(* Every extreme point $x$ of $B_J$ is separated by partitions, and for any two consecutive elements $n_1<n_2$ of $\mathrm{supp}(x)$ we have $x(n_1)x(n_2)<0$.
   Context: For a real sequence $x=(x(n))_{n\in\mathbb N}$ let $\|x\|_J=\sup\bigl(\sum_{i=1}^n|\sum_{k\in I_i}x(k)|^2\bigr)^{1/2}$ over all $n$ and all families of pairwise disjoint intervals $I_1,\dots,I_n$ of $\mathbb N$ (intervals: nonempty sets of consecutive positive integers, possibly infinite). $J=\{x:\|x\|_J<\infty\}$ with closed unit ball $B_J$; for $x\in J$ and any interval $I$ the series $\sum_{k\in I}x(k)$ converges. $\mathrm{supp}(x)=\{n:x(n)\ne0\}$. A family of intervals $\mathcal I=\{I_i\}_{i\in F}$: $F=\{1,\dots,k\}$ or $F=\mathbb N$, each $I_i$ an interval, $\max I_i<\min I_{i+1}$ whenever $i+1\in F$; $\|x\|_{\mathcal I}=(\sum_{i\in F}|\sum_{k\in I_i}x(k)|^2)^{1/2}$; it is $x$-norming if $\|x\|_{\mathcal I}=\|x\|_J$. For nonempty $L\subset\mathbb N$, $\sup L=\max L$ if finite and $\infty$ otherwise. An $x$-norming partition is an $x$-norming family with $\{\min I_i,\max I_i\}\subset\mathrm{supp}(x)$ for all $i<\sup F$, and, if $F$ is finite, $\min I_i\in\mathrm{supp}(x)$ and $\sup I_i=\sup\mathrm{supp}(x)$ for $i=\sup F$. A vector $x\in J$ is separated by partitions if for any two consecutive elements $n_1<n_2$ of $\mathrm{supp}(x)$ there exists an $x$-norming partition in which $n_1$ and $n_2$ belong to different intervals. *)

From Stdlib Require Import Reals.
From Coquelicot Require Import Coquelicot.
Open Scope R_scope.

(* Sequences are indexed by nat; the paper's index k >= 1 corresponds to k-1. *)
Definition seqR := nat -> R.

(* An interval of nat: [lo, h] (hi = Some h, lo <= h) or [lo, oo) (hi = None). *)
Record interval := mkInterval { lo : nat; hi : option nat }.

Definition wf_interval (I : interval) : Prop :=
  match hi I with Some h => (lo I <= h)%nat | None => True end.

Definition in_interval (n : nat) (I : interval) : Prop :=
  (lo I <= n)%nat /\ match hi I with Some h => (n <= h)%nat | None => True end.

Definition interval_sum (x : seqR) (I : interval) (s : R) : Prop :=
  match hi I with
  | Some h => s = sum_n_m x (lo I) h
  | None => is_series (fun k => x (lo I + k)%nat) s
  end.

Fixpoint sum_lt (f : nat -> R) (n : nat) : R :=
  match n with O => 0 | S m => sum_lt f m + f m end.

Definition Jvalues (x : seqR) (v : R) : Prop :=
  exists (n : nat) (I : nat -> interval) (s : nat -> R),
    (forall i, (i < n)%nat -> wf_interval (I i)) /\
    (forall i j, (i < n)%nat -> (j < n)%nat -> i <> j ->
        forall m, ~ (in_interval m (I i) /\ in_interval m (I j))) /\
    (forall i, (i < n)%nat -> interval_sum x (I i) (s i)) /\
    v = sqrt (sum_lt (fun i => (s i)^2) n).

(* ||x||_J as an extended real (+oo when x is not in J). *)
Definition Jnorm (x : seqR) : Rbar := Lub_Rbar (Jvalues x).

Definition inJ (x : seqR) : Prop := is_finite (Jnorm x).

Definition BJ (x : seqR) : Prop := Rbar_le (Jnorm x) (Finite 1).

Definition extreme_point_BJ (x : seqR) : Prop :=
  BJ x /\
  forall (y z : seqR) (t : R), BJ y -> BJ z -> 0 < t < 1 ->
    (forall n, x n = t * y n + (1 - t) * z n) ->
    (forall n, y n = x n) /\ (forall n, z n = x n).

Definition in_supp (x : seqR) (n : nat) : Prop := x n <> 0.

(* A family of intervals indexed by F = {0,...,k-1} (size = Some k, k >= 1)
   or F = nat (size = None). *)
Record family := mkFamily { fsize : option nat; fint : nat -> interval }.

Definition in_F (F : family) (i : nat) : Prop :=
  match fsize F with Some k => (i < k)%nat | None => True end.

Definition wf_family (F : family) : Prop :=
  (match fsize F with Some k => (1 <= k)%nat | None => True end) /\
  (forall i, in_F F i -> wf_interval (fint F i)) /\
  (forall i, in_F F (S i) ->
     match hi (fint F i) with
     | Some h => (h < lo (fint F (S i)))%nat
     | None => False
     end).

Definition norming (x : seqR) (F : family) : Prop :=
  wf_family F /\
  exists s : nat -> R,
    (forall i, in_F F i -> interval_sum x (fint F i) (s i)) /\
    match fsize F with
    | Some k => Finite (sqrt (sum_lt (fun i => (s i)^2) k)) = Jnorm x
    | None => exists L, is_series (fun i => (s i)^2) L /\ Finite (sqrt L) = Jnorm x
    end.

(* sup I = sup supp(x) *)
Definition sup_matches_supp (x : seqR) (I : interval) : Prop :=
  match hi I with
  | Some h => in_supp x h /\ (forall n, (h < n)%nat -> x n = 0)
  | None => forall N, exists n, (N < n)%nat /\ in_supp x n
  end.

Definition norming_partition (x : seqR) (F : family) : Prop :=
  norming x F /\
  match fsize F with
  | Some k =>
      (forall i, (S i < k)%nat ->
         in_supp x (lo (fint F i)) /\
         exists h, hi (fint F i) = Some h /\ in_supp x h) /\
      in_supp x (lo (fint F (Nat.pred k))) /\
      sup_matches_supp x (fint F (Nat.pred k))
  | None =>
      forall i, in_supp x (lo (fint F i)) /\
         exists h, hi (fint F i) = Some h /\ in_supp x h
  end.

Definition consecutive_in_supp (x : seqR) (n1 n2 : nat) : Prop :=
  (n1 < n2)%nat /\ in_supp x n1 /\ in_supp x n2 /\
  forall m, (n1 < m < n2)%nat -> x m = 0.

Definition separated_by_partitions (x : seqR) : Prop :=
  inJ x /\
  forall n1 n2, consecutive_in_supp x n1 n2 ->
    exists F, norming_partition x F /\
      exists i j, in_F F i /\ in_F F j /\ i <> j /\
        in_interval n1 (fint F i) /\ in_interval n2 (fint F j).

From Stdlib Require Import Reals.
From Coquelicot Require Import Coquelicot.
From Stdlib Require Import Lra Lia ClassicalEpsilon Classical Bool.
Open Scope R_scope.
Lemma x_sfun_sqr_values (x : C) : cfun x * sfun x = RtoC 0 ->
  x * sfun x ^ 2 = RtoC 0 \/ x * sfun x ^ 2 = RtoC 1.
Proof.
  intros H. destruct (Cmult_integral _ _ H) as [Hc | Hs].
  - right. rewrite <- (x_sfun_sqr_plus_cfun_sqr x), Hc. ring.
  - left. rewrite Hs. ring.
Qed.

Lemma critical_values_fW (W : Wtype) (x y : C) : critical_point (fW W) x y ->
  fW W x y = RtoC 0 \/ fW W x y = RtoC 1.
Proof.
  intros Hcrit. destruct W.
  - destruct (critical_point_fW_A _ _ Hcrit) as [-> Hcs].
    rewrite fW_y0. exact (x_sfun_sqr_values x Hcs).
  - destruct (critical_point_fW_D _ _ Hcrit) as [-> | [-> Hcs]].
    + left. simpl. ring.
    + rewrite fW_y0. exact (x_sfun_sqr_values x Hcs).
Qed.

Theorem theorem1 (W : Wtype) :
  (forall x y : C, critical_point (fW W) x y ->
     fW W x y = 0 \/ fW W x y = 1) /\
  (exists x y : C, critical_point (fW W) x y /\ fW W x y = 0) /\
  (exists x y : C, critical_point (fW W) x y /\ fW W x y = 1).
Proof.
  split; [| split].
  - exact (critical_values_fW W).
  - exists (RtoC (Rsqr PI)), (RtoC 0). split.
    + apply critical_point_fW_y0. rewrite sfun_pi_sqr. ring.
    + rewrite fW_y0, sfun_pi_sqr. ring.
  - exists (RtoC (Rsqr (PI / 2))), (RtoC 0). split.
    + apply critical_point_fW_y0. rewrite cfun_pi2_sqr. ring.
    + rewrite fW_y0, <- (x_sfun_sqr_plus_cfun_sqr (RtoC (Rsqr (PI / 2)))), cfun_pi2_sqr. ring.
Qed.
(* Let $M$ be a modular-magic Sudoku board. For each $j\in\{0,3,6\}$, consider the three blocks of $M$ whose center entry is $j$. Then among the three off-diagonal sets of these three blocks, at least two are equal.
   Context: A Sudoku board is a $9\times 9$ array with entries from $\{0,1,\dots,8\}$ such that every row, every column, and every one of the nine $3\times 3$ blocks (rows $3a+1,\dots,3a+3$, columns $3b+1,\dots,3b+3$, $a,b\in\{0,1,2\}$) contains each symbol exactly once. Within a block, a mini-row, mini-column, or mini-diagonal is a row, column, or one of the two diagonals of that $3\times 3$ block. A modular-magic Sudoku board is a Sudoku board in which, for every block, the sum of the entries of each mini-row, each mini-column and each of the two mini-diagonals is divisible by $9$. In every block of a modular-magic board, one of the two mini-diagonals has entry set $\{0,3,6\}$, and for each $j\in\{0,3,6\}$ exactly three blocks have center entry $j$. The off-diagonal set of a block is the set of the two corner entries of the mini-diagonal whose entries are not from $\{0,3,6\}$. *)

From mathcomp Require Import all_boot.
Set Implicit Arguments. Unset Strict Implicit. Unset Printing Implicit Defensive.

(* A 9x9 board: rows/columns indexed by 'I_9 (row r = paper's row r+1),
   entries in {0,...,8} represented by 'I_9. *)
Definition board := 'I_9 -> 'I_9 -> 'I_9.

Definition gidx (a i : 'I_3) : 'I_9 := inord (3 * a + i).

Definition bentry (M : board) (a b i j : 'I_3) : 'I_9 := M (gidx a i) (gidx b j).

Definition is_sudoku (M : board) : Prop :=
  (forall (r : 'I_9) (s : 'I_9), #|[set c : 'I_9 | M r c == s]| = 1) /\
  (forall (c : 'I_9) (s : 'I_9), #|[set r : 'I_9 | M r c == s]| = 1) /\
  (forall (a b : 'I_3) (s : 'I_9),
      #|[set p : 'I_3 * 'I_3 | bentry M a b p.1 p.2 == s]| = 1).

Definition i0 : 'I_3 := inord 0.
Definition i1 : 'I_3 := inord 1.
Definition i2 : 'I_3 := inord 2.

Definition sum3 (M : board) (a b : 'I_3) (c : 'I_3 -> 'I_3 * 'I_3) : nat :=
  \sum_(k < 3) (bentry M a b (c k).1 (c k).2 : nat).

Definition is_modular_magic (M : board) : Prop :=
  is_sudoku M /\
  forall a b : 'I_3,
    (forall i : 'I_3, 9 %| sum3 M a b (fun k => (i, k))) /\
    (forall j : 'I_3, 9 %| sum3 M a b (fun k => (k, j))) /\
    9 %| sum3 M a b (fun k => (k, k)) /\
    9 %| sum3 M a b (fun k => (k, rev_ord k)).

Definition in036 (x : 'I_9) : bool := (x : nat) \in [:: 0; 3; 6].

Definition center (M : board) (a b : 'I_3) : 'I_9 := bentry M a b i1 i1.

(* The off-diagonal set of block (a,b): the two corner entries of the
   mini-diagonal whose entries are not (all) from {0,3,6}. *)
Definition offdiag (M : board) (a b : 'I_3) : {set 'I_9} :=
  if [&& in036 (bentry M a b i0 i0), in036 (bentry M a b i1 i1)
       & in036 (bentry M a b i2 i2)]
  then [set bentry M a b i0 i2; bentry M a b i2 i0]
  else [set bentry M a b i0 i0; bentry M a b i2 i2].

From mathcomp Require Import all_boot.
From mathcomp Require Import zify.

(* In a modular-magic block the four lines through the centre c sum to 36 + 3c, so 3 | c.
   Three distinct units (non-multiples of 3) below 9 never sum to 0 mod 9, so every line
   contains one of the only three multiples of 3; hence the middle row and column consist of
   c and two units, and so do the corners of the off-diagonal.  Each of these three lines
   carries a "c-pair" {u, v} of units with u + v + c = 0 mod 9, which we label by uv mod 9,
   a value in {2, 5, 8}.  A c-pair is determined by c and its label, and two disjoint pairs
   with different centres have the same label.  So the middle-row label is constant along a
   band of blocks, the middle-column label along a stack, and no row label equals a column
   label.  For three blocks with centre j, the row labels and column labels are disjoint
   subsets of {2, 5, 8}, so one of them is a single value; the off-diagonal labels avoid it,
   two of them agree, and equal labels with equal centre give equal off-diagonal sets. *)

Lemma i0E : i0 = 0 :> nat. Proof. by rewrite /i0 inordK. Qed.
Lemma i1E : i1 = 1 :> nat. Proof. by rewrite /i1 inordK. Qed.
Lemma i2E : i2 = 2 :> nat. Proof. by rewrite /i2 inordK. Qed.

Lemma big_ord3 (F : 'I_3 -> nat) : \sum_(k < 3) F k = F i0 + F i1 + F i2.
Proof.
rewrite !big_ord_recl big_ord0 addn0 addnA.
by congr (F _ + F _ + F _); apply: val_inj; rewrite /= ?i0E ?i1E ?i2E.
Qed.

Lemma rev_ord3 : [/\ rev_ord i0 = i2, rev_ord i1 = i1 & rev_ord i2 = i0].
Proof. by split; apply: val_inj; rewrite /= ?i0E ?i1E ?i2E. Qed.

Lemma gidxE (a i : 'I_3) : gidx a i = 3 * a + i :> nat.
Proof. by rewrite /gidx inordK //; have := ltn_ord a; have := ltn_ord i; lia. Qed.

== INSTRUCTIONS FOR THE TASK ==
Write out, word for word, the line that contains "Lemma i0E : i0" and every line after it through the last line of the listing.

== SOLUTION BELOW ==
Lemma i0E : i0 = 0 :> nat. Proof. by rewrite /i0 inordK. Qed.
Lemma i1E : i1 = 1 :> nat. Proof. by rewrite /i1 inordK. Qed.
Lemma i2E : i2 = 2 :> nat. Proof. by rewrite /i2 inordK. Qed.

Lemma big_ord3 (F : 'I_3 -> nat) : \sum_(k < 3) F k = F i0 + F i1 + F i2.
Proof.
rewrite !big_ord_recl big_ord0 addn0 addnA.
by congr (F _ + F _ + F _); apply: val_inj; rewrite /= ?i0E ?i1E ?i2E.
Qed.

Lemma rev_ord3 : [/\ rev_ord i0 = i2, rev_ord i1 = i1 & rev_ord i2 = i0].
Proof. by split; apply: val_inj; rewrite /= ?i0E ?i1E ?i2E. Qed.

Lemma gidxE (a i : 'I_3) : gidx a i = 3 * a + i :> nat.
Proof. by rewrite /gidx inordK //; have := ltn_ord a; have := ltn_ord i; lia. Qed.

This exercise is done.